Lemma readersP x : x \in readers (gin1 (net_gate x)) /\ x \in readers (gin2 (net_gate x)).
Proof.
case: x => [[[[fh op] [[|l] lt_l]] i] | [b g]] /=.
- have -> : Ordinal lt_l = ord0 by apply: val_inj.
  by rewrite half_of_half_in; case: op; rewrite !inE eqxx ?orbT.
- have lt_lh : l < h by [].
  have -> : Ordinal lt_l = inord l.+1 by apply: val_inj; rewrite /= inordK.
  by rewrite !inordK ?(ltnW lt_l) // lt_lh ordSK !inE !eqxx ?orbT.
- case: (andP (latch_gate_ok g)) => ok1 ok2.
  rewrite /latch_copy_gate /= !readers_copy_src //.
  have gE : latch_node b g = latch_node b (inord g) by rewrite inord_val.
  rewrite -[inr (b, g)]/(latch_node b g) gE.
  by split; apply: map_f; [apply: latch_readers_in1 | apply: latch_readers_in2].
Qed.

Lemma readers_size y : size (readers y) <= 2.
Proof.
case: y => [k | [[[[fh op] l] i] | [b g]]] /=; rewrite ?size_map ?latch_fanout //.
- by case: (half_of k).
- by case: ifP => // _; case: ifP => // _; rewrite size_map latch_fanout.
Qed.

Definition net : network L #|node| := gate_net net_gate.

Definition out_var b : 'I_#|node| := enum_rank (latch_node b (inord 15)).

Lemma net_degrees v : indeg net v <= 2 /\ outdeg net v <= 2.
Proof.
split; first exact: gate_net_indeg.
exact: leq_trans (gate_net_outdeg readersP v) (readers_size _).
Qed.

Lemma out_outdeg b : outdeg net (inr (out_var b)) = 0.
Proof.
apply/eqP; rewrite -leqn0; apply: leq_trans (gate_net_outdeg readersP _) _.
by rewrite /= enum_rankK /= inordK.
Qed.

Section Dynamics.
Variables (p : nat -> {ffun 'I_L -> bool}) (x0 : {ffun 'I_#|node| -> bool}).
Local Notation value := (node_val net_gate p x0).

Lemma tree_root fh op t :
  pol op (value (t + H) (tree_node fh op ord_max ord0)) =
  [forall k, pol op (p t (half_in fh k))].
Proof.
pose V t l i := pol op (value t (tree_node fh op (inord l) i)).
have leaf t' i : V t'.+1 0 i = pol op (p t' (half_in fh i)).
  by rewrite /V node_val_step /= /tree_gate inordK //= andor_idem.
have node t' l i : l < h -> V t'.+1 l.+1 i = V t' l i && V t' l (ordS i).
  by move=> lt_lh; rewrite /V node_val_step /= /tree_gate inordK //= pol_andor_self.
have -> : ord_max = inord h :> 'I_H by apply: val_inj; rewrite /= inordK.
by rewrite -/(V _ h ord0) (window_tree leaf node) // all_window_full.
Qed.

Lemma start_root_value b t :
  inA (p t) -> pol b (value (t + H) (start_root b)) = (p t == START L).
Proof. by move=> pA; rewrite tree_root inA_START. Qed.

Lemma active_root_value b t :
  inA (p t) -> pol b (value (t + H) (active_root b)) = (p t == ACTIVE L).
Proof. by move=> pA; rewrite tree_root inA_ACTIVE. Qed.

Lemma latch_copy_step b t g : g < 16 ->
  pol b (value t.+1 (latch_node b (inord g))) =
  latch_eval g (fun k => pol b (value t (latch_node b (inord k))))
             (pol b (value t (start_root b))) (pol b (value t (active_root b))).
Proof.
move=> lt_g; rewrite node_val_step /= inordK // pol_andor /latch_eval.
by case: (gin1 _) => [||k]; case: (gin2 _) => [||k'].
Qed.

Lemma net_output b T M j :
  (forall s, s <= M -> inA (p (T + s))) ->
  p T = START L -> (forall s, 0 < s <= M -> p (T + s) <> START L) ->
  j <= M -> (forall s, 1 <= s <= j -> p (T + s) = ACTIVE L) ->
  (j < M -> p (T + j.+1) <> ACTIVE L) ->
  forall k, k <= M ->
  pol b (value (T + (H + 6 + k)) (latch_node b (inord 15))) = (k <= j).
Proof.
move=> pA pT pS jM pact pstop k kM.
have -> : T + (H + 6 + k) = T + H + k + 6 by lia.
apply: (latch_output (W := fun t g => pol b (value t (latch_node b (inord g))))
  (X := fun t => pol b (value t (start_root b)))
  (Y := fun t => pol b (value t (active_root b))) (M := M) (j := j)) => //.
- by move=> t g; apply: latch_copy_step.
- move=> k' k'M; rewrite /= addnAC start_root_value; last exact: pA.
  by case: k' k'M => [|k'] k'M; [rewrite addn0 pT eqxx | apply/eqP; apply: pS].
- move=> k' /andP [k'0 k'j].
  rewrite /= addnAC active_root_value; last exact: pA (leq_trans k'j jM).
  by rewrite pact ?k'0 ?eqxx.
- by move=> jM'; rewrite /= addnAC active_root_value; [apply/eqP; apply: pstop | apply: pA].
Qed.
End Dynamics.
End Network.

Lemma even_halves L : 0 < L -> ~~ odd L -> exists h, L = h.+1 + h.+1.
Proof.
move=> L_gt0 L_even.
have L2 : L = (L./2).*2 by rewrite -{1}[L]odd_double_half (negbTE L_even).
exists (L./2).-1; rewrite addnn prednK //.
by rewrite -double_gt0 -L2.
Qed.

Theorem lemma6 (L : nat) (HL : 0 < L) (Heven : ~~ odd L) :
  exists (mu n : nat) (f : network L n) (q1 q2 : 'I_n),
    0 < mu /\
    cooperative f /\
    (forall v : var L n, indeg f v <= 2 /\ outdeg f v <= 2) /\
    (forall i : 'I_L, indeg f (inl i) = 0) /\
    outdeg f (inr q1) = 0 /\ outdeg f (inr q2) = 0 /\
    forall (x0 : {ffun 'I_n -> bool}) (p : nat -> {ffun 'I_L -> bool})
           (T M : nat),
      1 < M ->
      (forall s, s <= M -> inA (p (T + s))) ->
      p T = START L ->
      (forall s, 0 < s <= M -> p (T + s) <> START L) ->
      forall j : nat, j <= M ->
        (forall s, 1 <= s <= j -> p (T + s) = ACTIVE L) ->
        (j < M -> p (T + j.+1) <> ACTIVE L) ->
        (forall s, mu <= s <= mu + j ->
           traj f p x0 (T + s) q1 = true /\ traj f p x0 (T + s) q2 = false) /\
        (forall s, mu + j < s <= mu + M ->
           traj f p x0 (T + s) q1 = false /\ traj f p x0 (T + s) q2 = true).
Proof.
have [h ->] := even_halves HL Heven.
exists (h.+1 + 6), #|node h|, (@net h), (@out_var h true), (@out_var h false).
split; first by [].
split; first exact: gate_net_cooperative.
split; first exact: net_degrees.
split; first by [].
split; first exact: out_outdeg.
split; first exact: out_outdeg.
move=> x0 p T M _ pA pT pS j jM pact pstop.
have out_at b s : h.+1 + 6 <= s <= h.+1 + 6 + M ->
    traj (@net h) p x0 (T + s) (@out_var h b) = pol b (s - (h.+1 + 6) <= j).
  move=> /andP [lo hi]; have kM : s - (h.+1 + 6) <= M by rewrite leq_subLR.
  by rewrite -(net_output x0 b pA pT pS jM pact pstop kM) polK subnKC.
split=> s /andP [lo hi].
- have kj : s - (h.+1 + 6) <= j by rewrite leq_subLR.
  have range : h.+1 + 6 <= s <= h.+1 + 6 + M by rewrite lo (leq_trans hi) ?leq_add2l.
  by rewrite !out_at // kj.
- have jk : j < s - (h.+1 + 6) by rewrite ltn_subRL.
  have range : h.+1 + 6 <= s <= h.+1 + 6 + M.
    by rewrite hi andbT (leq_trans (leq_addr j _) (ltnW lo)).
  by rewrite !out_at // leqNgt jk.
Qed.
Theorem proposition1 (T : finType) (e : rel T) :
  is_tree e -> ~~ odd #|T| ->
  exists f : {set T} -> int,
    [/\ (forall a, a \in edges e -> f a = 1%R \/ f a = (-1)%R),
        `|(e_f e f (-1)%R)%:Z - (e_f e f 1%R)%:Z|%R = 1%R,
        (forall v : T, (`|vlabel e f v| <= 1)%R)
      & `|(v_f e f (-1)%R)%:Z - (v_f e f 1%R)%:Z|%R = 2%R].
Proof.
case=> [[e_sym e_irr] /card_gt0P [r _] connected e_acyclic] evenT.
have r_connect := connected r; set par := parent r_connect.
have closedT : parent_closed r par [set: T] by split=> // v; rewrite !inE.
rewrite -cardsT in evenT.
have [g [g_pm g_le1 g_sum]] :=
  balanced_labeling_exists (depth_root r_connect) (depth_parent_lt r_connect) closedT evenT.
have vlabelE := vlabel_edge_labeling e_sym e_irr r_connect e_acyclic g.
have v_fE c : v_f e (edge_labeling r_connect g) c =
    #|[set v in [set: T] | node_label r par [set: T] g v == c]|.
  by apply: eq_card => v; rewrite !inE vlabelE.
exists (edge_labeling r_connect g); split.
- move=> a; rewrite (edges_parent e_sym e_irr r_connect e_acyclic) => /imsetP [v vr ->].
  by rewrite edge_labeling_edge_of -?in_setC1.
- rewrite !(e_f_edge_labeling e_sym e_irr r_connect e_acyclic) distrC -sum_norm_le1.
    by rewrite -setTD1.
  by move=> v _; case: (g_pm v) => ->.
- by move=> v; rewrite vlabelE g_le1 ?inE.
- rewrite !v_fE distrC -sum_norm_le1 ?sum_node_label //.
  by rewrite normrMn g_sum.
Qed.
Lemma neg_gradE_dot_G u p :
  let e := u - us in let d := p - ps in
  let a := invmx TU *m B^T *m d in let b := invmx TP *m B *m e in
  - gradE_dot_G B TU TP gf gh IV IQ us ps u p =
  dot (gf u - gf us) e + dot (gh p - gh ps) d
  + dot (gf u - gf us) a - dot (gh p - gh ps) b + sqnorm TU a + sqnorm TP b.
Proof.
move=> e d a b; rewrite {}/a {}/b /gradE_dot_G /Gu /Gp dLu_saddle dLp_saddle -/e -/d.
set Df := gf u - gf us; set Dh := gh p - gh ps; clearbody e d Df Dh.
rewrite dotNr !dot_mulmx_spd // !mulKVmx ?spd_unitmx // !sqnorm_invmx_mul // trmxK.
rewrite !(mulmxDr, mulmxBr, mulmxN, mulmxA, dotDr, dotBr, dotNr).
have eBd : dot e (B^T *m d) = dot d (B *m e) by rewrite -dot_mulmxl dotC.
have dDf : dot Df (invmx TU *m B^T *m d) = dot d (B *m invmx TU *m Df).
  by rewrite dotC dot_mulmxl !trmx_mul trmxK spd_invmx_tr // mulmxA.
have eDh : dot Dh (invmx TP *m B *m e) = dot e (B^T *m invmx TP *m Dh).
  by rewrite dotC dot_mulmxl !trmx_mul spd_invmx_tr // mulmxA.
rewrite eBd dDf eDh (dotC Df) (dotC Dh) (dotC _ e) (dotC _ d); lra.
Qed.

Lemma fB_monotone mu u : strongly_convex (fB B TP f) (gfB B TP gf) IV mu ->
  mu * sqnorm IV (u - us) <=
  dot (gf u - gf us) (u - us) + sqnorm TP (invmx TP *m B *m (u - us)).
Proof.
move=> sc; have := strongly_convex_monotone u us sc.
by rewrite /gfB opprD addrACA -mulmxBr sqnorm_invmx_mul // -dotDl.
Qed.

Lemma hB_monotone mu p : strongly_convex (hB B TU h) (ghB B TU gh) IQ mu ->
  mu * sqnorm IQ (p - ps) <=
  dot (gh p - gh ps) (p - ps) + sqnorm TU (invmx TU *m B^T *m (p - ps)).
Proof.
move=> sc; have := strongly_convex_monotone p ps sc.
by rewrite /ghB opprD addrACA -mulmxBr sqnorm_invmx_mul // trmxK -dotDl.
Qed.

Lemma lyapunov_dissipation mu_f L_f mu_h L_h mu_fB mu_hB mu u p :
  S11 f gf TU mu_f L_f -> L_f <= 1 -> S11 h gh TP mu_h L_h -> L_h <= 1 ->
  strongly_convex (fB B TP f) (gfB B TP gf) IV mu_fB ->
  strongly_convex (hB B TU h) (ghB B TU gh) IQ mu_hB ->
  mu <= mu_fB -> mu <= mu_hB ->
  mu * Ly IV IQ us ps u p
    + mu_f / 2 * sqnorm TU (vvar B TU u p - vvar B TU us ps)
    + mu_h / 2 * sqnorm TP (qvar B TP u p - qvar B TP us ps)
  <= - gradE_dot_G B TU TP gf gh IV IQ us ps u p.
Proof.
move=> Sf Lf Sh Lh scf sch mf mh.
rewrite vvarB qvarB neg_gradE_dot_G /Ly.
have := S11_monotone_shift u us (invmx TU *m B^T *m (p - ps)) sTU Sf Lf.
have := S11_monotone_shift p ps (- (invmx TP *m B *m (u - us))) sTP Sh Lh.
have := fB_monotone u scf; have := hB_monotone p sch.
have := ler_wpM2r (spd_sqnorm_ge0 sIV (u - us)) mf.
have := ler_wpM2r (spd_sqnorm_ge0 sIQ (p - ps)) mh.
rewrite sqnormN !dotNr; lra.
Qed.

End SaddleDissipation.

Section Trajectories.
Variable R : realType.

Lemma is_derive_coord k (x : R -> 'cV[R]_k) (t : R) (dx : 'cV[R]_k) i :
  is_derive t 1 x dx -> is_derive t 1 (fun s => x s i 0) (dx i 0).
Proof.
move=> [dv dval].
have cv : (fun h : R => h^-1 *: ((x \o shift t) (h *: 1) - x t)) @ 0^' --> dx.
  by rewrite -dval; exact: dv.
have cvi := continuous_cvg _ (@coord_continuous R k 1 i 0 dx) cv.
have e : (fun h : R => h^-1 *: (((fun s => x s i 0) \o shift t) (h *: 1) - x t i 0)) =
    (fun M : 'cV[R]_k => M i 0) \o (fun h : R => h^-1 *: ((x \o shift t) (h *: 1) - x t)).
  by apply/funext => h /=; rewrite !mxE.
have cvi' : (fun h : R => h^-1 *: (((fun s => x s i 0) \o shift t) (h *: 1) - x t i 0))
    @ 0^' --> dx i 0 by rewrite e; exact: cvi.
by split; [exact: (cvgP _ cvi') | exact: cvg_lim].
Qed.

Lemma sqnorm_sum k (M : 'M[R]_k) y : sqnorm M y = \sum_i \sum_j M i j * (y j 0 * y i 0).
Proof.
rewrite /sqnorm /dot; apply: eq_bigr => i _; rewrite mxE mulr_suml.
by apply: eq_bigr => j _; rewrite mulrA.
Qed.

Lemma is_derive_sqnorm k (M : 'M[R]_k) (y : R -> 'cV[R]_k) (t : R) (dy : 'cV[R]_k) :
  M^T = M -> is_derive t 1 y dy ->
  is_derive t 1 (fun s => sqnorm M (y s)) (2 * dot (M *m y t) dy).
Proof.
move=> MT D; have Dy j := is_derive_coord j D.
have Dij i j : is_derive t 1 (fun s => M i j * (y s j 0 * y s i 0))
    (M i j * (y t j 0 * dy i 0 + y t i 0 * dy j 0)).
  exact: is_deriveZ _ (is_deriveM (Dy j) (Dy i)).
have Di i : is_derive t 1 (fun s => \sum_j M i j * (y s j 0 * y s i 0))
    (\sum_j M i j * (y t j 0 * dy i 0 + y t i 0 * dy j 0)).
  by have := is_derive_sum (Dij i); rewrite fct_sumE.
have := is_derive_sum Di; rewrite fct_sumE (funext (fun s => sqnorm_sum M (y s))).
move/is_derive_eq; apply.
have -> : 2 * dot (M *m y t) dy = dot (M *m dy) (y t) + dot (M *m y t) dy.
  by rewrite [dot (M *m dy) _]dot_mulmxl MT [dot dy _]dotC; lra.
rewrite /dot -big_split /=; apply: eq_bigr => i _.
rewrite !mxE !mulr_suml -big_split /=; apply: eq_bigr => j _.
by ring.
Qed.

Lemma cvg_sqnorm k (M : 'M[R]_k) T (F : set_system T) (FF : Filter F)
    (y : T -> 'cV[R]_k) (y0 : 'cV[R]_k) :
  y s @[s --> F] --> y0 -> sqnorm M (y s) @[s --> F] --> sqnorm M y0.
Proof.
move=> cy; have cyi i : y s i 0 @[s --> F] --> y0 i 0.
  exact: continuous_cvg _ (@coord_continuous R k 1 i 0 y0) cy.
rewrite sqnorm_sum (funext (fun s => sqnorm_sum M (y s))).
apply: cvg_big => // [|i _]; first exact: add_continuous.
apply: cvg_big => // [|j _]; first exact: add_continuous.
by apply: cvgM; [exact: cvg_cst | exact: cvgM].
Qed.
* * * * * * * * *
### Work task:
Read the entries above, then pull out the lines that include "addnAC".

### Worked solution:
- move=> k' k'M; rewrite /= addnAC start_root_value; last exact: pA.
  rewrite /= addnAC active_root_value; last exact: pA (leq_trans k'j jM).
- by move=> jM'; rewrite /= addnAC active_root_value; [apply/eqP; apply: pstop | apply: pA].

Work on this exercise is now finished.